American Legion Post 10 commander Steve Adams set out to find burial sites of all the World War I veterans in Linn County cemeteries. Now that's “snowballed” into finding them for all county veterans, dating back to the Civil War (1861-1865) and Spanish-American War (1898).
“I got the idea a year ago at our convention in Florence,” Adams recalled. “The national organization asked us to find our World War I veterans memorials.”
The national goal is to compile that information by the the American Legion’s centennial anniversary on Sept. 16, 2019.
Adams said the only way to document burial sites is by walking row-by-row through each cemetery and looking for markings on headstones.

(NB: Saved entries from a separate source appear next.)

(* Let $\lambda_1\ge\lambda_2>0$ and $D=\mathrm{diag}(\lambda_1,\lambda_2)$. The critical points of $\widetilde W_{1,0}(\cdot;D)$ on $SO(2)$ are exactly $R^{(1)}=\mathbb I_2$, $R^{(2)}=-\mathbb I_2$, and, in addition when $\lambda_1+\lambda_2>2$, the two rotations $$R^{(3)}_\pm=\begin{pmatrix}\frac{2}{\lambda_1+\lambda_2} & \mp\sqrt{1-\big(\frac{2}{\lambda_1+\lambda_2}\big)^2}\\ \pm\sqrt{1-\big(\frac{2}{\lambda_1+\lambda_2}\big)^2} & \frac{2}{\lambda_1+\lambda_2}\end{pmatrix},$$ with values $\widetilde W_{1,0}(R^{(1)};D)=(\lambda_1-1)^2+(\lambda_2-1)^2$, $\widetilde W_{1,0}(R^{(2)};D)=(\lambda_1+1)^2+(\lambda_2+1)^2$, $\widetilde W_{1,0}(R^{(3)}_\pm;D)=\frac12(\lambda_1-\lambda_2)^2$. Moreover: (i) $R^{(2)}$ is the global maximum of $\widetilde W_{1,0}(\cdot;D)$; (ii) if $\lambda_1+\lambda_2\le2$, $R^{(1)}$ is the global minimum; (iii) if $\lambda_1+\lambda_2>2$, $R^{(3)}_\pm$ are the global minima.
   Context: $\mathrm{sym}(Y)=\tfrac12(Y+Y^T)$, $\|Y\|^2=\mathrm{tr}(Y^TY)$ (Frobenius norm). For an invertible matrix $G$, $\widetilde W_{1,0}(R;G)=\|\mathrm{sym}(R^TG-\mathbb I_n)\|^2$ for $R\in SO(n)$. *)

From Stdlib Require Export Reals.
Open Scope R_scope.

Record M2 : Type := mkM2 { a11 : R; a12 : R; a21 : R; a22 : R }.

Definition mmul (A B : M2) : M2 :=
  mkM2 (a11 A * a11 B + a12 A * a21 B) (a11 A * a12 B + a12 A * a22 B)
       (a21 A * a11 B + a22 A * a21 B) (a21 A * a12 B + a22 A * a22 B).
Definition mtr (A : M2) : M2 := mkM2 (a11 A) (a21 A) (a12 A) (a22 A).
Definition madd (A B : M2) : M2 :=
  mkM2 (a11 A + a11 B) (a12 A + a12 B) (a21 A + a21 B) (a22 A + a22 B).
Definition mscale (k : R) (A : M2) : M2 :=
  mkM2 (k * a11 A) (k * a12 A) (k * a21 A) (k * a22 A).
Definition mopp (A : M2) : M2 := mscale (-1) A.
Definition mid : M2 := mkM2 1 0 0 1.
Definition mdet (A : M2) : R := a11 A * a22 A - a12 A * a21 A.
Definition diag2 (x y : R) : M2 := mkM2 x 0 0 y.

Definition msym (Y : M2) : M2 := mscale (1/2) (madd Y (mtr Y)).
Definition frob2 (Y : M2) : R :=
  a11 Y ^ 2 + a12 Y ^ 2 + a21 Y ^ 2 + a22 Y ^ 2.

Definition inSO2 (Rm : M2) : Prop := mmul (mtr Rm) Rm = mid /\ mdet Rm = 1.

Definition W10 (Rm G : M2) : R :=
  frob2 (msym (madd (mmul (mtr Rm) G) (mopp mid))).

(* rotation by angle t: the exponential of t * [[0,-1],[1,0]] *)
Definition rot (t : R) : M2 := mkM2 (cos t) (- sin t) (sin t) (cos t).

(* Critical point of f on the manifold SO(2): R in SO(2) and the derivative
   of f along the curve t |-> R rot(t) (which spans the tangent space
   T_R SO(2) = R so(2)) vanishes at t = 0. *)
Definition critical_SO2 (f : M2 -> R) (Rm : M2) : Prop :=
  inSO2 Rm /\ derivable_pt_lim (fun t => f (mmul Rm (rot t))) 0 0.

Definition R3p (l1 l2 : R) : M2 :=
  let c := 2 / (l1 + l2) in mkM2 c (- sqrt (1 - c ^ 2)) (sqrt (1 - c ^ 2)) c.
Definition R3m (l1 l2 : R) : M2 :=
  let c := 2 / (l1 + l2) in mkM2 c (sqrt (1 - c ^ 2)) (- sqrt (1 - c ^ 2)) c.

(* Every R in SO(2) is a rotation [[c, -s], [s, c]] with c^2 + s^2 = 1, and on
   such a matrix the energy depends on c alone:
       W~_{1,0}(R; D) = ((s0 c - 2)^2 + (l1 - l2)^2) / 2,   s0 = l1 + l2.
   Moving along the curve t |-> R rot(t) turns (c, s) by the angle t, so the
   derivative at t = 0 is -s0 * s * (s0 c - 2); for s0 > 0 the critical points
   are therefore the points of the unit circle with s = 0 (that is R = I or
   R = -I) or s0 c = 2 (possible only when s0 > 2, giving R^(3)_+ and R^(3)_-).
   The extremal statements become elementary inequalities for the parabola
   c |-> (s0 c - 2)^2 on [-1, 1]. *)
From Stdlib Require Import Reals Lra Psatz.
From Coquelicot Require Import Coquelicot.
Open Scope R_scope.

Definition rmat (c s : R) : M2 := mkM2 c (- s) s c.

Definition reduced_W (l1 l2 c : R) : R := (((l1 + l2) * c - 2) ^ 2 + (l1 - l2) ^ 2) / 2.

Lemma W10_rmat (l1 l2 c s : R) :
  W10 (rmat c s) (diag2 l1 l2) = (c * l1 - 1) ^ 2 + (c * l2 - 1) ^ 2 + s ^ 2 * (l1 - l2) ^ 2 / 2.
Proof. unfold W10, frob2, msym, madd, mmul, mtr, mopp, mscale, mid, diag2, rmat; cbn; field. Qed.

Lemma W10_rmat_unit (l1 l2 c s : R) :
  c ^ 2 + s ^ 2 = 1 -> W10 (rmat c s) (diag2 l1 l2) = reduced_W l1 l2 c.
Proof.
  intros Hcs; rewrite W10_rmat; unfold reduced_W.
  replace (s ^ 2) with (1 - c ^ 2) by lra; field.
Qed.

Lemma rmat_mul_rot (c s t : R) :
  mmul (rmat c s) (rot t) = rmat (c * cos t - s * sin t) (s * cos t + c * sin t).
Proof. unfold mmul, rmat, rot; cbn; f_equal; ring. Qed.

Lemma W10_derivative_along_rot (l1 l2 c s : R) :
  derivable_pt_lim (fun t => W10 (mmul (rmat c s) (rot t)) (diag2 l1 l2)) 0
    (- (l1 + l2) * (s * ((l1 + l2) * c - 2))).
Proof.
  apply is_derive_Reals.
  apply (is_derive_ext (fun t =>
    ((c * cos t - s * sin t) * l1 - 1) ^ 2 + ((c * cos t - s * sin t) * l2 - 1) ^ 2
    + (s * cos t + c * sin t) ^ 2 * (l1 - l2) ^ 2 / 2)).
  { intros t; rewrite rmat_mul_rot, W10_rmat; reflexivity. }
  auto_derive; [easy|].
  rewrite cos_0, sin_0; change (RinvImpl.Rinv 2) with (/ 2); field.
Qed.

Lemma rmat_inSO2 (c s : R) : c ^ 2 + s ^ 2 = 1 -> inSO2 (rmat c s).
Proof. intros Hcs; unfold inSO2, mmul, mtr, mdet, mid, rmat; cbn; split; [f_equal|]; nra. Qed.

Lemma inSO2_rmat (Rm : M2) : inSO2 Rm -> exists c s, Rm = rmat c s /\ c ^ 2 + s ^ 2 = 1.
Proof.
  destruct Rm as [a b c d]; unfold inSO2, mmul, mtr, mdet, mid; cbn.
  intros [Horth Hdet]; injection Horth as H11 H12 H21 H22.
  (* |col_1 - J col_2|^2 = 2 - 2 det = 0, where J is the rotation by pi/2 *)
  assert (Hsq : (d - a) ^ 2 + (b + c) ^ 2 = 0) by nra.
  assert (Hd : d = a) by (assert ((d - a) ^ 2 = 0) by nra; nra).
  assert (Hb : b = - c) by (assert ((b + c) ^ 2 = 0) by nra; nra).
  subst d b; exists a, c; split; [reflexivity | nra].
Qed.

Lemma W10_on_SO2 (l1 l2 : R) (Rm : M2) :
  inSO2 Rm -> exists c, -1 <= c <= 1 /\ W10 Rm (diag2 l1 l2) = reduced_W l1 l2 c.
Proof.
  intros HR; destruct (inSO2_rmat Rm HR) as [c [s [-> Hcs]]].
  exists c; split; [nra | exact (W10_rmat_unit l1 l2 c s Hcs)].
Qed.

Lemma critical_rmat_iff (l1 l2 c s : R) :
  l1 + l2 <> 0 -> c ^ 2 + s ^ 2 = 1 ->
  critical_SO2 (fun X => W10 X (diag2 l1 l2)) (rmat c s) <-> s * ((l1 + l2) * c - 2) = 0.
Proof.
  intros Hs Hcs; split.
  - intros [_ Hderiv].
    pose proof (uniqueness_limite _ _ _ _ Hderiv (W10_derivative_along_rot l1 l2 c s)) as E.
    apply (Rmult_eq_reg_l (- (l1 + l2))); lra.
  - intros Hzero; split; [exact (rmat_inSO2 c s Hcs)|].
    pose proof (W10_derivative_along_rot l1 l2 c s) as Hderiv.
    rewrite Hzero, Rmult_0_r in Hderiv; exact Hderiv.
Qed.

Lemma circle_sqrt (c : R) : c ^ 2 <= 1 -> c ^ 2 + sqrt (1 - c ^ 2) ^ 2 = 1.
Proof. intros Hc; rewrite <- (Rsqr_pow2 (sqrt _)), Rsqr_sqrt; lra. Qed.

Lemma circle_sqrt_opp (c : R) : c ^ 2 <= 1 -> c ^ 2 + (- sqrt (1 - c ^ 2)) ^ 2 = 1.
Proof.
  intros Hc; replace ((- sqrt (1 - c ^ 2)) ^ 2) with (sqrt (1 - c ^ 2) ^ 2) by ring.
  exact (circle_sqrt c Hc).
Qed.

Lemma inv_cos_bound (s0 : R) : s0 > 2 -> (2 / s0) ^ 2 <= 1.
Proof.
  intros Hs; assert (0 < 2 / s0 < 1).
  { split; [apply Rdiv_lt_0_compat; lra|].
    apply (Rmult_lt_reg_r s0); [lra|]; field_simplify; lra. }
  nra.
Qed.

Lemma circle_critical_points (s0 c s : R) :
  s0 > 0 -> c ^ 2 + s ^ 2 = 1 -> s * (s0 * c - 2) = 0 ->
  (c = 1 /\ s = 0) \/ (c = -1 /\ s = 0) \/
  (s0 > 2 /\ c = 2 / s0 /\ (s = sqrt (1 - (2 / s0) ^ 2) \/ s = - sqrt (1 - (2 / s0) ^ 2))).
Proof.
  intros Hs Hcs Hzero.
  destruct (Req_dec s 0) as [-> | Hsin].
  - assert (Hc : (c - 1) * (c + 1) = 0) by nra.
    apply Rmult_integral in Hc as [Hc | Hc]; [left | right; left]; split; lra.
  - assert (Hcos : s0 * c = 2) by (apply Rmult_integral in Hzero as [|]; lra).
    (* s <> 0 forces |c| < 1, hence s0 = 2/c > 2 *)
    assert (Hlt : c ^ 2 < 1) by (pose proof (pow2_gt_0 s Hsin); lra).
    assert (Hcpos : 0 < c) by nra.
    assert (Hbig : s0 > 2) by nra.
    assert (Hc : c = 2 / s0) by (field_simplify_eq; lra).
    assert (Hsq : 1 - (2 / s0) ^ 2 = s ^ 2) by (rewrite <- Hc; lra).
    right; right; split; [exact Hbig | split; [exact Hc|]]; rewrite Hsq.
    destruct (Rle_dec 0 s) as [Hpos | Hneg].
    + left; rewrite sqrt_pow2; [reflexivity | exact Hpos].
    + right; replace (s ^ 2) with ((- s) ^ 2) by ring; rewrite sqrt_pow2; lra.
Qed.

Lemma mid_rmat : mid = rmat 1 0.
Proof. unfold mid, rmat; f_equal; ring. Qed.

Lemma mopp_mid_rmat : mopp mid = rmat (-1) 0.
Proof. unfold mopp, mscale, mid, rmat; cbn; f_equal; ring. Qed.

Lemma R3p_rmat (l1 l2 : R) :
  R3p l1 l2 = rmat (2 / (l1 + l2)) (sqrt (1 - (2 / (l1 + l2)) ^ 2)).
Proof. reflexivity. Qed.

Lemma R3m_rmat (l1 l2 : R) :
  R3m l1 l2 = rmat (2 / (l1 + l2)) (- sqrt (1 - (2 / (l1 + l2)) ^ 2)).
Proof. unfold R3m, rmat; cbn; rewrite Ropp_involutive; reflexivity. Qed.

Lemma critical_points_W10 (l1 l2 : R) (Rm : M2) :
  l1 + l2 > 0 ->
  critical_SO2 (fun X => W10 X (diag2 l1 l2)) Rm <->
  (Rm = mid \/ Rm = mopp mid \/ (l1 + l2 > 2 /\ (Rm = R3p l1 l2 \/ Rm = R3m l1 l2))).
Proof.
  intros Hs; rewrite mopp_mid_rmat, mid_rmat, R3p_rmat, R3m_rmat; split.
  - intros Hcrit; destruct (inSO2_rmat Rm (proj1 Hcrit)) as [c [s [-> Hcs]]].
    apply critical_rmat_iff in Hcrit; [|lra | exact Hcs].
    destruct (circle_critical_points (l1 + l2) c s Hs Hcs Hcrit)
      as [[-> ->] | [[-> ->] | [Hbig [-> [-> | ->]]]]]; tauto.
  - (* I and -I are handled by linear arithmetic; R^(3)_+- lie on the line s0 c = 2 *)
    assert (Hvertex : (l1 + l2) * (2 / (l1 + l2)) - 2 = 0) by (field; lra).
    intros [-> | [-> | [Hbig [-> | ->]]]]; apply critical_rmat_iff; try lra.
    + apply circle_sqrt, inv_cos_bound, Hbig.
    + rewrite Hvertex; ring.
    + apply circle_sqrt_opp, inv_cos_bound, Hbig.
    + rewrite Hvertex; ring.
Qed.

Lemma reduced_W_max (l1 l2 c : R) :
  l1 + l2 >= 0 -> -1 <= c <= 1 -> reduced_W l1 l2 c <= reduced_W l1 l2 (-1).
Proof.
  intros Hs Hc; unfold reduced_W.
  (* (s0 + 2)^2 - (s0 c - 2)^2 = (s0 (1 - c) + 4) * s0 (1 + c) >= 0 *)
  assert (0 <= ((l1 + l2) * (1 - c) + 4) * ((l1 + l2) * (1 + c)))
    by (apply Rmult_le_pos; nra).
  nra.
Qed.

Lemma reduced_W_min_small (l1 l2 c : R) :
  0 <= l1 + l2 <= 2 -> -1 <= c <= 1 -> reduced_W l1 l2 1 <= reduced_W l1 l2 c.
Proof.
  intros Hs Hc; unfold reduced_W.
  (* (s0 c - 2)^2 - (s0 - 2)^2 = s0 (1 - c) * (4 - s0 (1 + c)) >= 0 *)
  assert (0 <= ((l1 + l2) * (1 - c)) * (4 - (l1 + l2) * (1 + c)))
    by (apply Rmult_le_pos; nra).
  nra.
Qed.

Lemma reduced_W_at_vertex (l1 l2 : R) :
  l1 + l2 <> 0 -> reduced_W l1 l2 (2 / (l1 + l2)) = 1 / 2 * (l1 - l2) ^ 2.
Proof. intros Hs; unfold reduced_W; field; exact Hs. Qed.

Lemma reduced_W_min_vertex (l1 l2 c : R) :
  l1 + l2 <> 0 -> reduced_W l1 l2 (2 / (l1 + l2)) <= reduced_W l1 l2 c.
Proof.
  intros Hs; rewrite reduced_W_at_vertex by exact Hs; unfold reduced_W.
  pose proof (pow2_ge_0 ((l1 + l2) * c - 2)); lra.
Qed.

Lemma W10_R3 (l1 l2 : R) :
  l1 + l2 > 2 ->
  W10 (R3p l1 l2) (diag2 l1 l2) = reduced_W l1 l2 (2 / (l1 + l2)) /\
  W10 (R3m l1 l2) (diag2 l1 l2) = reduced_W l1 l2 (2 / (l1 + l2)).
Proof.
  intros Hbig; pose proof (inv_cos_bound (l1 + l2) Hbig) as Hc.
  rewrite R3p_rmat, R3m_rmat, !W10_rmat_unit;
    [split; reflexivity | apply circle_sqrt_opp | apply circle_sqrt]; exact Hc.
Qed.

Theorem mainTheorem6 (l1 l2 : R) (hl : l1 >= l2) (hl2 : l2 > 0) :
  let D := diag2 l1 l2 in
  (forall Rm : M2,
     critical_SO2 (fun X => W10 X D) Rm <->
     (Rm = mid \/ Rm = mopp mid \/
      (l1 + l2 > 2 /\ (Rm = R3p l1 l2 \/ Rm = R3m l1 l2)))) /\
  W10 mid D = (l1 - 1) ^ 2 + (l2 - 1) ^ 2 /\
  W10 (mopp mid) D = (l1 + 1) ^ 2 + (l2 + 1) ^ 2 /\
  (l1 + l2 > 2 ->
     W10 (R3p l1 l2) D = 1 / 2 * (l1 - l2) ^ 2 /\
     W10 (R3m l1 l2) D = 1 / 2 * (l1 - l2) ^ 2) /\
  (forall Rm : M2, inSO2 Rm -> W10 Rm D <= W10 (mopp mid) D) /\
  (l1 + l2 <= 2 -> forall Rm : M2, inSO2 Rm -> W10 mid D <= W10 Rm D) /\
  (l1 + l2 > 2 -> forall Rm : M2, inSO2 Rm ->
     W10 (R3p l1 l2) D <= W10 Rm D /\ W10 (R3m l1 l2) D <= W10 Rm D).
Proof.
  intros D; subst D.
  assert (Hs : l1 + l2 > 0) by lra.
  assert (Wmid : W10 mid (diag2 l1 l2) = reduced_W l1 l2 1)
    by (rewrite mid_rmat; apply W10_rmat_unit; ring).
  assert (Wopp : W10 (mopp mid) (diag2 l1 l2) = reduced_W l1 l2 (-1))
    by (rewrite mopp_mid_rmat; apply W10_rmat_unit; ring).
  split; [intros Rm; exact (critical_points_W10 l1 l2 Rm Hs)|].
  split; [rewrite Wmid; unfold reduced_W; field|].
  split; [rewrite Wopp; unfold reduced_W; field|].
  split; [intros Hbig; destruct (W10_R3 l1 l2 Hbig) as [-> ->];
          rewrite reduced_W_at_vertex by lra; split; reflexivity|].
  split; [|split].
  - intros Rm HR; destruct (W10_on_SO2 l1 l2 Rm HR) as [c [Hc ->]].
    rewrite Wopp; apply reduced_W_max; lra.
  - intros Hsmall Rm HR; destruct (W10_on_SO2 l1 l2 Rm HR) as [c [Hc ->]].
    rewrite Wmid; apply reduced_W_min_small; lra.
  - intros Hbig Rm HR; destruct (W10_on_SO2 l1 l2 Rm HR) as [c [Hc ->]].
    destruct (W10_R3 l1 l2 Hbig) as [-> ->].
    split; apply reduced_W_min_vertex; lra.
Qed.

“Commissioner Will Tucker provided me with a map of cemeteries in the county,” he said. “There are between 50 to 60 registered cemeteries and we don’t know how many other small, private cemeteries.”
So you can see why Adams said the project has snowballed. But Adams notes that his wife disagrees with that assessment: “She says it’s a regular blizzard,” he said, and laughed.
He expanded his search after some Post 10 members asked him why he was only looking for WWI veterans and not World War II and Korean War soldiers as well. But Adams said he always likes a good challenge.
So far, he's found graves for a Civil War veteran in the Santiam Central Cemetery between Highway 20 and Knox Butte, plus sites for two Spanish-American War veterans in the Waverly Jewish Cemetery on Salem Avenue.
James Beebe was born on June 3, 1834, and died on June 8, 1918. In 1861 he served briefly in the Civil War, but Adams didn't know the circumstances of his short tenure.
Beebe is buried at the Santiam Central Cemetery east of Albany, along with his wife, Elizabeth (1839-1881), and their two young children, Frank (1870-1882) and Lily (1873-1882).
Adams said the passing of three family members in little more than a year is puzzling, although there may have been some form of epidemic.
Andrew Butts (March 27, 1868 to Jan. 30, 1954) is buried at the Waverly Cemetery, as is Willis Faxon (Nov. 7, 1873 to Nov. 24, 1953). Both served in the Spanish American War.
Butts was a private in Company K, the 4th Regiment, Ohio Infantry. Faxon also was a private, in Company I, the 1st California Infantry.
“So far, I’ve found 55 World War I veterans’ graves; 192 from World War II; 34 from Korea; 23 from Vietnam; and 12 from the Gulf wars,” Adams said.
Adams has visited 304 graves so far.
“When I get done, I’m going to visit with members of cemetery associations and get a list of everyone buried in their cemeteries so I can cross-check names,” he said.
Adams now realizes this project will take more than a year.
“Eventually, I’m going to meet with local funeral home directors and ask them to provide us with the names of veterans for whom they provide services,” he said. “We could develop a database and update it annually or more often.”
Adams encourages anyone with information about private cemeteries or veterans grave sites to call him at the Post 10 number, 541-926-0127.
“I’m learning a lot about local history,” he said. “People are also starting to volunteer to help at cemeteries in Brownsville and Sweet Home.”
Adams offers the following advice to anyone who wants to help: “There’s only one good way to do this, and that’s to walk every cemetery.”